## [ACTION ITEM]
Return exactly the lines below, starting with the one that has "Lemma pw_aff_ext u" and going on through the one that has "- apply pw_aff_piece with s (c".

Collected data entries

(* Elements of E_{N,p} are convex, hence upper envelopes of their supporting lines.  A
   supporting line of integral slope m touching f inside (1, p) can be completed to a shifted
   phi_a lying between the line and f, the end-slope bound -f'(1) + p f'(p) <= N providing room
   for the other piece: a = -m if m < 0, a = N - p m (so that b = m) if m > 0, a = 0 if m = 0.
   Taking for each a the largest shift of phi_a below f therefore gives sigma((x_a)) = f.
   Conversely phi_a is rigid: an element below phi_a touching it inside its left piece agrees
   with it there, so its slope at 1 is -a; the slope bound then caps its slope at p by b, while
   lying below phi_a forces it to be at least b, so it agrees with phi_a on the right piece too.
   Hence every phi_a is extremal, and an extremal element, being a finite max of shifted
   phi_a's, is a shift of one of them. *)

(* [pw_affine_int] with the subdivision organised as a binary tree, which suits induction. *)
Inductive pw_aff : R -> R -> (R -> R) -> Prop :=
| pw_aff_piece u v f (s : Z) c :
    u < v -> (forall x, u <= x <= v -> f x = IZR s * x + c) -> pw_aff u v f
| pw_aff_cat u w v f : pw_aff u w f -> pw_aff w v f -> pw_aff u v f.

Lemma pw_aff_lt u v f : pw_aff u v f -> u < v.
Proof. induction 1; lra. Qed.

Lemma pw_aff_restrict u v f u' v' :
  pw_aff u v f -> u <= u' -> u' < v' -> v' <= v -> pw_aff u' v' f.
Proof.
  intros H; revert u' v'.
  induction H as [u v f s c Huv Hf | u w v f H1 IH1 H2 IH2]; intros u' v' Hu Huv' Hv.
  - apply pw_aff_piece with s c; auto. intros; apply Hf; lra.
  - destruct (Rle_dec v' w). { apply IH1; lra. }
    destruct (Rle_dec w u'). { apply IH2; lra. }
    apply pw_aff_cat with w; [apply IH1 | apply IH2]; lra.
Qed.

Lemma pw_aff_ext u v f g :
  pw_aff u v f -> (forall x, u <= x <= v -> f x = g x) -> pw_aff u v g.
Proof.
  induction 1 as [u v f s c Huv Hf | u w v f H1 IH1 H2 IH2]; intros E.
  - apply pw_aff_piece with s c; auto. intros; rewrite <- E; auto.
  - pose proof (pw_aff_lt _ _ _ H1); pose proof (pw_aff_lt _ _ _ H2).
    apply pw_aff_cat with w; [apply IH1 | apply IH2]; intros; apply E; lra.
Qed.

Lemma pw_aff_shift u v f k : pw_aff u v f -> pw_aff u v (fun x => f x + k).
Proof.
  induction 1 as [u v f s c Huv Hf | u w v f H1 IH1 H2 IH2].
  - apply pw_aff_piece with s (c + k); auto. intros; rewrite Hf; auto; ring.
  - apply pw_aff_cat with w; auto.
Qed.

## [RESPONSE AREA]
Lemma pw_aff_ext u v f g :
  pw_aff u v f -> (forall x, u <= x <= v -> f x = g x) -> pw_aff u v g.
Proof.
  induction 1 as [u v f s c Huv Hf | u w v f H1 IH1 H2 IH2]; intros E.
  - apply pw_aff_piece with s c; auto. intros; rewrite <- E; auto.
  - pose proof (pw_aff_lt _ _ _ H1); pose proof (pw_aff_lt _ _ _ H2).
    apply pw_aff_cat with w; [apply IH1 | apply IH2]; intros; apply E; lra.
Qed.

Lemma pw_aff_shift u v f k : pw_aff u v f -> pw_aff u v (fun x => f x + k).
Proof.
  induction 1 as [u v f s c Huv Hf | u w v f H1 IH1 H2 IH2].
  - apply pw_aff_piece with s (c + k); auto. intros; rewrite Hf; auto; ring.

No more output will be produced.